An unbalanced dataset - practical example

As a practical example of how we can help detecting credit card fraud, the dataset from Kaggle has been used. The dataset contains transactions over a two-days period in September 2013. The table below shows the dataset:

n 284,807
n_ok 284,315 (98.828%)
n_fraud 492 (0.172%)

Thankfully, the dataset gathered over two days is highly unbalanced with the number of frauds being the minority contributing with only 0.172% of the sample size.

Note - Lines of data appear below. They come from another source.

Lemma canonical_box (Y : W) a :
  proj1_sig Y (Bplus a) <->
  (forall Z, R1c Y Z -> proj1_sig Z a) \/ (forall Z, R2c Y Z -> ~ proj1_sig Z a).
Proof.
  destruct Y as [Y HY]; unfold R1c, R2c; simpl. split.
  - intros H. destruct (classic (forall b, Y (Bplus (Or a b)))) as [Hall|Hn].
    + left. intros Z HZ. apply HZ. split; auto.
    + apply not_all_ex_not in Hn. destruct Hn as [b0 Hb0].
      right. intros [Z HZ] HR Ha. simpl in *.
      assert (Ha' : Z (Neg a)).
      { apply HR. split; auto. intros c. destruct (box_dis Y HY a b0 c H); tauto. }
      apply (maxcons_neg Z HZ a); auto.
  - intros Hs. apply NNPP; intros Hn. destruct Hs as [H1|H2].
    + destruct (R1_witness (exist _ Y HY) a) as [Z [HR HZ]]; [intros [Ha _]; tauto|].
      apply HZ, H1, HR.
    + destruct (R2_witness (exist _ Y HY) a) as [Z [HR HZ]]; [intros [Ha _]; tauto|].
      apply (H2 Z HR HZ).
Qed.

Definition canon (M0 : W) : model :=
  {| st := W; st_inh := M0; R1 := R1c; R2 := R2c;
     val := fun p X => proj1_sig X (Var p) |}.

Lemma truth (M0 : W) f : forall Y : W, sat (canon M0) Y f <-> proj1_sig Y f.
Proof.
  induction f as [p|a IH|a IHa b IHb|a IH]; intros Y; simpl.
  - tauto.
  - rewrite IH. symmetry; apply maxcons_neg, proj2_sig.
  - rewrite IHa, IHb. symmetry; apply maxcons_and, proj2_sig.
  - rewrite canonical_box. setoid_rewrite IH. tauto.
Qed.

(* Strong completeness: if Γ ⊬ φ, then Γ ∪ {¬φ} is consistent, and a maximal
   consistent extension is a canonical state satisfying Γ but not φ. *)
Lemma completeness Gamma phi : conseq P Gamma phi -> derives P Gamma phi.
Proof.
  intros Hc. apply NNPP; intros Hnd.
  destruct (lindenbaum (fun x => Gamma x \/ x = Neg phi)) as [M [HM SM]].
  { intros Hd. apply Hnd, derives_deducible.
    apply (deducible_taut1 _ _ _ (deduction _ _ _ Hd)). bool_tauto. }
  pose (M0 := exist _ M HM : W).
  assert (Hp : proj1_sig M0 phi).
  { apply (truth M0 phi M0), Hc. intros g Hg. apply (truth M0 g M0). simpl; auto. }
  apply (maxcons_neg M HM phi); simpl in Hp; auto.
Qed.

End KBoxplus.

Theorem mainTheorem7 (P : Type) (p0 : P) (Gamma : form P -> Prop) (phi : form P) :
  derives P Gamma phi <-> conseq P Gamma phi.
Proof.
  split; [apply sound_derives | apply (completeness P p0)].
Qed.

The null hypothesis will be that the transaction is okay, while the alternative hypothesis is that the transaction is not okay. If we just wanted a model to predict correctly as many times as possible we could just train the model to always give the answer: Transaction ok. We would actually have a model that might be able to predict correctly 99.8% of the time. However, because we are interested in detecting the false positives, and specific the false negatives, this approach will not solve the problem.

H_0 True H_0 False
Accept H_0 Correct Type II error (beta) False Negative
Reject H_0 Type I error (alpha) False Positive Correct

When training a model, it is often beneficial to have each class evenly represented. This problem can be solved in different ways:

  1. Undersampling
  2. Oversampling
  3. Combined Class Methods

When trying to balance the dataset, only the training dataset must be transformed, whereas the validation and test-dataset will be distributed as the true sample size. Transforming the train-sample size to be oversampled is very easy and can be done with just two lines:

Oversampling with imblearn
1
2
3
4
from imblearn.over_sampling import SMOTE

sm = SMOTE()
X_train_oversampled, y_train_oversampled = sm.fit_sample(X_train, y_train.ravel())
Before Oversampling After Oversampling
X_train 182276, 29 182276, 29
y_train 182276, 1 182276, 1
X_validate 45569, 29 45569, 29
y_validate 45569, 1 45569, 1
X_test 56962, 29 56962, 29
y_test 56962, 1 56962, 1

In this example, we have designed a very simple neural network, to show how strong a network like this can be. The network consist of only two hidden layers.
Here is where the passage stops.